Measurement invariance was not supported by the study results, however. Cannabis use was more frequent and problematic for the Web group than it was for the clinic-recruited sample. Only 10% of the PaP sample reported daily use of cannabis in the past 3 months, in comparison to 74% of the Web sample (Question 2). As shown in Table 1, very few PaP participants (4%) admitted to having failed in tasks normally expected from them because of their cannabis use (Question 4), whereas 60% of the Web sample endorsed this item. Consequently, the loading of this item in the factor analysis (Table 3) was very different across groups. The same problem applies to Question 7 (tried to stop or cut down).
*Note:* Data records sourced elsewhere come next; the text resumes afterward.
(* Let $T$ be a finite tree with at least two vertices, $\mathbb{K}$ a field, $\boldsymbol{\alpha}=(\alpha_t)_{t\in T}$ a family of invertible elements of $\mathbb{K}$, $f$ a leaf of $T$ and $g$ its unique neighbor. Let $T'$ be the tree obtained by removing $f$, and for $\beta\in\mathbb{K}^*$ let $\boldsymbol{\alpha}'(\beta)$ be the family on $T'$ with $\alpha'_g(\beta)=\alpha_g\beta$ and $\alpha'_s(\beta)=\alpha_s$ for $s\neq g$. Let $T''$ be the forest obtained by removing $f$ and $g$, and let $\boldsymbol{\alpha}''$ be the family on $T''$ with $\alpha''_s=-\alpha_s/\alpha_f$ if $s$ is adjacent to $g$ in $T$, and $\alpha''_s=\alpha_s$ otherwise. Then $X_T(\boldsymbol{\alpha})$ is the disjoint union of a closed part (where $x_f=0$) isomorphic to $\mathbb{A}^1\times X_{T''}(\boldsymbol{\alpha}'')$ and an open part (where $x_f\neq 0$) which is fibered over $\mathbb{A}^1\setminus\{0\}$ (via $x_f$) with fiber over $\beta$ isomorphic to $X_{T'}(\boldsymbol{\alpha}'(\beta))$.
   Context: For a finite tree $T$ write $s-t$ when vertices are adjacent. For a family $\boldsymbol{\alpha}=(\alpha_t)_{t\in T}$ of elements of $\mathbb{K}$, $X_T(\boldsymbol{\alpha})$ is the affine scheme over $\mathbb{K}$ with coordinates $x_t,x'_t$ ($t\in T$) defined by $x_t x'_t = 1+\alpha_t\prod_{s-t} x_s$ for all vertices $t$. For a disjoint union of trees $F$, $X_F$ is the product of the schemes associated with the connected components (and is a point if $F$ is empty). *)

(* Affine schemes are represented by their functor of points
   on commutative K-algebras; isomorphisms by natural bijections (Yoneda). *)
From HB Require Import structures.
From mathcomp Require Import all_boot all_order all_algebra.
Set Implicit Arguments. Unset Strict Implicit. Unset Printing Implicit Defensive.
Import GRing.Theory.
Local Open Scope ring_scope.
These results may be explained, in part, by the absence of a randomization procedure (on the PaP and total Web sample), leading to selection bias, one of the limitations of the study [11,58]. The characteristics of the Web sample (from the naturalistic visitors of a website dedicated to helping people facing cannabis addiction) are probably explained by the involvement (via self-selection) of participants who were more concerned by their cannabis use than would be the case in the general population, as suggested by another study on the self-selection bias associated with online studies [59]. The participants from the stop-cannabis.ch website selected themselves to visit the website and chose to assess their cannabis use with the ASSIST, probably in relation to concerns about their cannabis consumption. The participants from the clinic centers, in contrast, may not have been preoccupied by their cannabis use [44].

The contribution of a desirability bias to the differences observed between the PaP and the Web group should also not be ignored. This bias was previously reported in face-to-face interviews [7]. The phenomenon leads to underreporting of stigmatized behaviors (i.e. cannabis use) in face-to-face settings in comparison to that in computerized self-assessments [60,61]. Furthermore, differences in the understanding of some questions cannot be fully ruled out [7,58].
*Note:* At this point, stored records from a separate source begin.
Lemma ins_all_spec u t : forall Y, In Y (ins_all u t) -> nsize Y = (nsize t + 2)%nat /\
  exists l1 l2, nleaves Y = l1 ++ u :: l2 /\ l1 ++ l2 = nleaves t.
Proof.
  induction t as [x|a IHa b IHb]; simpl; intros Y HY.
  - destruct HY as [<-|[<-|[]]]; simpl; split; try lia.
    + exists [], [x]; auto.
    + exists [x], []; auto.
  - destruct HY as [<-|[<-|HY]].
    + simpl. split; [lia|]. exists [], (nleaves a ++ nleaves b); auto.
    + simpl. split; [lia|]. exists (nleaves a ++ nleaves b), []; rewrite app_nil_r; auto.
    + apply in_app_or in HY.
      destruct HY as [HY|HY]; apply in_map_iff in HY; destruct HY as [Y' [<- HY']].
      * destruct (IHa Y' HY') as [Hs [l1 [l2 [E1 E2]]]]. simpl. split; [lia|].
        exists l1, (l2 ++ nleaves b). rewrite E1, <- E2, <- !app_assoc. auto.
      * destruct (IHb Y' HY') as [Hs [l1 [l2 [E1 E2]]]]. simpl. split; [lia|].
        exists (nleaves a ++ l1), l2. rewrite E1, <- E2, <- !app_assoc. auto.
Qed.

Lemma ins_all_length u t : length (ins_all u t) = (2 * nsize t)%nat.
Proof. induction t; simpl; auto. rewrite length_app, !length_map, IHt1, IHt2. lia. Qed.

Lemma del_all_spec t : forall o, In o (del_all t) ->
  (forall l, In l (leaf_list o) -> In l (nleaves t)) /\ (cplx o < nsize t)%nat.
Proof.
  induction t as [x|a IHa b IHb]; simpl; intros o Ho.
  - destruct Ho as [<-|[]]. simpl. split; [tauto|lia].
  - apply in_app_or in Ho.
    destruct Ho as [Ho|Ho]; apply in_map_iff in Ho; destruct Ho as [o' [<- Ho']].
    + destruct (IHa o' Ho') as [H1 H2]. destruct o' as [a'|]; simpl in *; split; try lia;
        intros l Hl; apply in_or_app; try apply in_app_or in Hl; intuition.
    + destruct (IHb o' Ho') as [H1 H2]. destruct o' as [b'|]; simpl in *; split; try lia;
        intros l Hl; apply in_or_app; try apply in_app_or in Hl; intuition.
Qed.

Lemma del_all_nonempty t : del_all t <> [].
Proof. induction t; simpl; try congruence. destruct (del_all t1); simpl; congruence. Qed.

Lemma length_flat_map_const {A B} (h : A -> list B) l c :
  (forall u, length (h u) = c) -> length (flat_map h l) = (length l * c)%nat.
Proof. intros H; induction l; simpl; auto. rewrite length_app, IHl, H. lia. Qed.

Lemma length_terminals n : length (terminals n) = (2 * n)%nat.
Proof. unfold terminals. rewrite (length_flat_map_const _ _ 2); auto. rewrite length_seq. lia. Qed.

Lemma sumR_terminals (f : lit -> R) n :
  sumR f (terminals n) = sumR (fun i => f (i, true) + f (i, false)) (seq 0 n).
Proof. unfold terminals. rewrite sumR_flat_map. apply sumR_ext. intros; simpl. lra. Qed.

Lemma outcomes_valid n X Y : valid_tree n X ->
  In Y (substitute_outcomes n X ++ insert_outcomes n X ++ delete_outcomes X) -> valid_tree n Y.
Proof.
  intros HV HY. rewrite !in_app_iff in HY. destruct X as [t|]; simpl in HY.
  - destruct HY as [HY|[HY|HY]]; [apply in_flat_map in HY.. | ];
      try (destruct HY as [u [Hu HY]]; apply in_map_iff in HY; destruct HY as [Y' [<- HY']]).
    + intros l Hl. destruct (subst_all_leaves u t Y' HY' l Hl) as [->|H]; auto.
    + intros l Hl. destruct (ins_all_spec u t Y' HY') as [_ [l1 [l2 [E1 E2]]]].
      simpl in Hl. rewrite E1 in Hl. apply in_app_or in Hl.
      destruct Hl as [Hl|[<-|Hl]]; auto; apply HV; simpl; rewrite <- E2; apply in_or_app; auto.
    + intros l Hl. apply HV. simpl. apply (del_all_spec t Y HY); auto.
  - destruct HY as [[<-|[]]|[HY|[<-|[]]]]; auto.
    apply in_map_iff in HY. destruct HY as [u [<- Hu]]. intros l [<-|[]]; auto.
Qed.

Lemma outcomes_nonempty n X : (1 <= n)%nat ->
  substitute_outcomes n X <> [] /\ insert_outcomes n X <> [] /\ delete_outcomes X <> [].
Proof.
  intros Hn. destruct n as [|n']; [lia|].
  destruct X as [t|]; simpl; repeat split; try congruence.
  - pose proof (subst_all_nonempty (0%nat, true) t). destruct (subst_all _ t); simpl; congruence.
  - destruct t; simpl; congruence.
  - apply del_all_nonempty.
Qed.

Lemma expect_hvl n X g : expect (hvl_prime n X) g =
  1/3 * expect (uniform (substitute_outcomes n X)) g +
  1/3 * expect (uniform (insert_outcomes n X)) g +
  1/3 * expect (uniform (delete_outcomes X)) g.
Proof. unfold hvl_prime. rewrite !expect_app, !expect_scale. lra. Qed.

Lemma hvl_supported n X : valid_tree n X -> supported (valid_tree n) (hvl_prime n X).
Proof.
  intros HV. unfold hvl_prime.
  repeat apply supported_app; apply supported_scale; try lra; apply supported_uniform;
    intros Y HY; apply (outcomes_valid n X Y HV); rewrite !in_app_iff; tauto.
Qed.

Lemma hvl_mass n X : (1 <= n)%nat -> expect (hvl_prime n X) (fun _ => 1) = 1.
Proof.
  intros Hn. destruct (outcomes_nonempty n X Hn) as [H1 [H2 H3]].
  rewrite expect_hvl, !uniform_mass; auto. lra.
Qed.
Study limitations and strengths

This study has several limitations, the most important of which is that we did not include randomly equivalent groups by type of survey. This limitation may have undermined external validity. It further highlights selection [59] and desirability biases [45,62], hence restricting the statistical comparison of the PaP and the Web groups to a descriptive level. Another limitation is a lack of other clinical assessments. Comparison with a diagnostic instrument, for instance, would allow us to calculate the sensitivity and the specificity of the Internet-administered ASSIST, two inextricably linked measures that help clinicians in deciding whether to rule a diagnosis in or out. A third limitation is that detailed socio-demographic characteristics of the Internet sample were not available to examine the profile of the respondents.

These limitations having been acknowledged, the study nonetheless has two major strengths. The first is that, owing to the large Web-sample size, it has been possible to analyze two randomly selected groups whose measurement equivalence results support the view that the ASSIST is a valid instrument in Web surveys.

The second strength that must be highlighted is that, although some studies have been performed on the online assessment of substance use [63] or on Internet-based prevention [64] or treatment [65,66] of cannabis use, our study is, to the best of our knowledge, the first to describe cannabis use of naturalistically self-selected users of a specialized website. This is an important addition, demonstrating the acceptability of such websites in naturalistic settings by cannabis users who are concerned with their behavior.

Conclusions

Despite the limitations, it appears that the cannabis screening questions of the ASSIST instrument are useful in a Web-based format. The instrument could be used for screening and then possibly for online prevention and intervention. Further studies using the ASSIST for the assessment of other addictions, in other populations, or under different conditions while using the same statistical designs (e.g. random within-subjects, between-subjects designs) are warranted to generalize these findings.